Exercise directions: Output the line containing "(* mu is the", then every remaining line of the entries below, exactly as written and with no other text.

Listed records:
┄┄┄┄┄┄┄┄┄┄┄┄┄┄┄┄┄┄┄┄
(* Let $(\mathcal A,\varphi,\mathcal F,\Phi)$ be a ncps of type B$'$ with associated infinitesimal ncps $(\mathcal B,\varphi,\varphi')$. Let $a_1,a_2\in\mathcal A$ and $f_1,f_2\in\mathcal F$ and assume that $(\{a_1,a_2\},\{f_1,f_2\})$ is B$'$-free, i.e. with $\mathcal A_i$ the unital subalgebra generated by $a_i$ and $\mathcal F_j$ the subalgebra generated by $f_j$, the pair $((\mathcal A_i)_{i=1,2},(\mathcal F_j)_{j=1,2})$ is B$'$-free. Let $b_i=a_i+f_i\in\mathcal B$. If $a_i$ has distribution $\mu_i$ w.r.t. $\varphi$ and $f_i$ has distribution $\nu_i$ w.r.t. $\varphi'$ ($i=1,2$), then the infinitesimal distribution of $b_1+b_2$ w.r.t. $(\varphi,\varphi')$ is $(\mu_1\boxplus\mu_2,\nu)$, where $\nu$ is characterized by $$G_\nu(z)=G_{\nu_1+\nu_2}(F_{\mu_1\boxplus\mu_2}(z))\,F_{\mu_1\boxplus\mu_2}'(z).$$
   Context: Ncps of type B$'$ $(\mathcal A,\varphi,\mathcal F,\Phi)$: $\mathcal A$ unital complex algebra, $\varphi(1_{\mathcal A})=1$, $\mathcal F$ an algebra which is an $\mathcal A$-bimodule compatible with its multiplication, $\Phi:\mathcal F\to\mathbb C$ linear. $\mathcal B=\mathcal A\oplus\mathcal F$ with product $(a_1,f_1)(a_2,f_2)=(a_1a_2,a_1f_2+f_1a_2+f_1f_2)$; $\varphi(a+f):=\varphi(a)$, $\varphi'(a+f):=\Phi(f)$. For unital subalgebras $(\mathcal A_i)_{i\in I}$ of $\mathcal A$ and subalgebras $(\mathcal F_j)_{j\in J}$ of $\mathcal F$, the pair is B$'$-free if: (i) $(\mathcal A_i)$ are free w.r.t. $\varphi$ ($\varphi(c_1\cdots c_n)=0$ for alternating indices and centered $c_l\in\mathcal A_{i_l}$); (ii) with $\mathcal A_0$ the algebra generated by all $\mathcal A_i$ and $\mathcal F_0$ the algebra generated by all $\mathcal F_j$, $\Phi(c_0g_1c_1\cdots c_{n-1}g_nc_n)=\varphi(c_0c_n)\prod_{l=1}^{n-1}\varphi(c_l)\,\Phi(g_1\cdots g_n)$ for $c_l\in\mathcal A_0$, $g_l\in\mathcal F_0$ (cyclic-antimonotone independence); (iii) $\Phi(g_1\cdots g_n)=0$ whenever $n\ge2$, $j_1\ne j_2\ne\cdots\ne j_n$, $g_l\in\mathcal F_{j_l}$ (trivial independence). The distribution of $b$ w.r.t. $\omega$ is the functional $x^n\mapsto\omega(b^n)$ on $\mathbb C[x]$ ($b^0=1$); infinitesimal distribution w.r.t. $(\varphi,\varphi')$ is the pair. $\mu_1\boxplus\mu_2$ is the free convolution (distribution of the sum of two free elements with distributions $\mu_1,\mu_2$). $G_\mu(z)=\sum_{n\ge0}\mu(x^n)z^{-n-1}$, $F_\mu=1/G_\mu$, as formal series; $\nu_1+\nu_2$ is the sum of linear functionals. *)

From HB Require Import structures.
From mathcomp Require Import all_boot all_order all_algebra.
From mathcomp Require Export complex reals.
Set Implicit Arguments. Unset Strict Implicit. Unset Printing Implicit Defensive.
Import GRing.Theory Num.Theory.
Local Open Scope ring_scope.

Section NcpsBprime.
Variable C : fieldType.

Definition ncpsB'_axioms (A : algType C) (F : lmodType C) (phi : {scalar A})
  (mulF : F -> F -> F) (lact : A -> F -> F) (ract : F -> A -> F) : Prop :=
  phi 1 = 1 /\
  (forall f g h, mulF f (mulF g h) = mulF (mulF f g) h) /\
  (forall (c : C) f g h, mulF (c *: f + g) h = c *: mulF f h + mulF g h) /\
  (forall (c : C) f g h, mulF f (c *: g + h) = c *: mulF f g + mulF f h) /\
  (forall f, lact 1 f = f) /\
  (forall a b f, lact (a * b) f = lact a (lact b f)) /\
  (forall f, ract f 1 = f) /\
  (forall a b f, ract f (a * b) = ract (ract f a) b) /\
  (forall a b f, lact a (ract f b) = ract (lact a f) b) /\
  (forall (c : C) a b f, lact (c *: a + b) f = c *: lact a f + lact b f) /\
  (forall (c : C) a f g, lact a (c *: f + g) = c *: lact a f + lact a g) /\
  (forall (c : C) a b f, ract f (c *: a + b) = c *: ract f a + ract f b) /\
  (forall (c : C) a f g, ract (c *: f + g) a = c *: ract f a + ract g a) /\
  (forall a f g, lact a (mulF f g) = mulF (lact a f) g) /\
  (forall a f g, ract (mulF f g) a = mulF f (ract g a)) /\
  (forall a f g, mulF (ract f a) g = mulF f (lact a g)).

(* The algebra B = A (+) F, with elements represented as pairs (a, f). *)
Section B.
Variables (A : algType C) (F : lmodType C)
  (mulF : F -> F -> F) (lact : A -> F -> F) (ract : F -> A -> F).

Definition addB (x y : A * F) : A * F := (x.1 + y.1, x.2 + y.2).
Definition mulB (x y : A * F) : A * F :=
  (x.1 * y.1, lact x.1 y.2 + ract x.2 y.1 + mulF x.2 y.2).
Definition oneB : A * F := (1, 0).
Definition powB (b : A * F) (n : nat) : A * F := iter n (mulB b) oneB.
Definition varphiB (phi : A -> C) (x : A * F) : C := phi x.1.
Definition varphi'B (Phi : F -> C) (x : A * F) : C := Phi x.2.

Definition in_ualg1 (a x : A) : Prop :=
  exists (n : nat) (c : nat -> C), x = \sum_(k < n) c k *: a ^+ k.
(* f^(k+1) in F *)
Definition fpowS (f : F) (k : nat) : F := iter k (mulF f) f.
Definition in_alg1F (f g : F) : Prop :=
  exists (n : nat) (c : nat -> C), g = \sum_(k < n) c k *: fpowS f k.
Definition in_ualg2 (a : bool -> A) (x : A) : Prop :=
  exists s : seq (C * seq bool), x = \sum_(p <- s) p.1 *: \prod_(i <- p.2) a i.
Fixpoint fword (f : bool -> F) (x : bool) (w : seq bool) : F :=
  match w with
  | [::] => f x
  | y :: w' => mulF (f x) (fword f y w')
  end.
Definition in_alg2F (f : bool -> F) (g : F) : Prop :=
  exists s : seq (C * (bool * seq bool)),
    g = \sum_(p <- s) p.1 *: fword f p.2.1 p.2.2.

Fixpoint altF (c : nat -> A) (g : nat -> F) (k m : nat) : F :=
  match m with
  | 0 => ract (g k) (c k)
  | m'.+1 => mulF (ract (g k) (c k)) (altF c g k.+1 m')
  end.
Fixpoint gprod (g : nat -> F) (k m : nat) : F :=
  match m with
  | 0 => g k
  | m'.+1 => mulF (g k) (gprod g k.+1 m')
  end.

Definition free_pair (phi : A -> C) (a : bool -> A) : Prop :=
  forall (n : nat) (idx : nat -> bool) (c : nat -> A),
    (0 < n)%N ->
    (forall l, (l < n)%N -> in_ualg1 (a (idx l)) (c l) /\ phi (c l) = 0) ->
    (forall l, (l.+1 < n)%N -> idx l != idx l.+1) ->
    phi (\prod_(l < n) c l) = 0.

(* (ii) cyclic-antimonotone independence: for n = m+1 >= 1,
   Phi(c_0 g_1 c_1 ... g_n c_n) = phi(c_0 c_n) prod_(l=1)^(n-1) phi(c_l) Phi(g_1...g_n) *)
Definition cyc_antimonotone (phi : A -> C) (Phi : F -> C)
  (a : bool -> A) (f : bool -> F) : Prop :=
  forall (m : nat) (c : nat -> A) (g : nat -> F),
    (forall l, (l <= m.+1)%N -> in_ualg2 a (c l)) ->
    (forall l, (1 <= l <= m.+1)%N -> in_alg2F f (g l)) ->
    Phi (lact (c 0%N) (altF c g 1 m)) =
      phi (c 0%N * c m.+1) * (\prod_(1 <= l < m.+1) phi (c l)) * Phi (gprod g 1 m).

(* (iii) trivial independence: for n = m+2 >= 2 alternating factors *)
Definition trivially_indep (Phi : F -> C) (f : bool -> F) : Prop :=
  forall (m : nat) (idx : nat -> bool) (g : nat -> F),
    (forall l, (l <= m.+1)%N -> in_alg1F (f (idx l)) (g l)) ->
    (forall l, (l <= m)%N -> idx l != idx l.+1) ->
    Phi (gprod g 0 m.+1) = 0.

(* B'-freeness of ((A_i)_{i=1,2}, (F_j)_{j=1,2}), A_i generated by a_i,
   F_j generated by f_j (indices 1,2 encoded as false,true) *)
Definition B'free (phi : A -> C) (Phi : F -> C) (a : bool -> A) (f : bool -> F) :=
  [/\ free_pair phi a, cyc_antimonotone phi Phi a f & trivially_indep Phi f].

End B.

(* mu is the free convolution mu1 [+] mu2: the distribution of x1 + x2 for
   free x1, x2 (in a ncps (A', psi)) having distributions mu1, mu2. *)
Definition is_free_conv (mu1 mu2 mu : nat -> C) : Prop :=
  exists (A' : algType C) (psi : {scalar A'}) (x : bool -> A'),
    psi 1 = 1 /\ free_pair psi x /\
    (forall n, psi (x false ^+ n) = mu1 n) /\
    (forall n, psi (x true ^+ n) = mu2 n) /\
    (forall n, psi ((x false + x true) ^+ n) = mu n).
┄┄┄┄┄┄┄┄┄┄┄┄┄┄┄┄┄┄┄┄
Expected answer:
(* mu is the free convolution mu1 [+] mu2: the distribution of x1 + x2 for
   free x1, x2 (in a ncps (A', psi)) having distributions mu1, mu2. *)
Definition is_free_conv (mu1 mu2 mu : nat -> C) : Prop :=
  exists (A' : algType C) (psi : {scalar A'}) (x : bool -> A'),
    psi 1 = 1 /\ free_pair psi x /\
    (forall n, psi (x false ^+ n) = mu1 n) /\
    (forall n, psi (x true ^+ n) = mu2 n) /\
    (forall n, psi ((x false + x true) ^+ n) = mu n).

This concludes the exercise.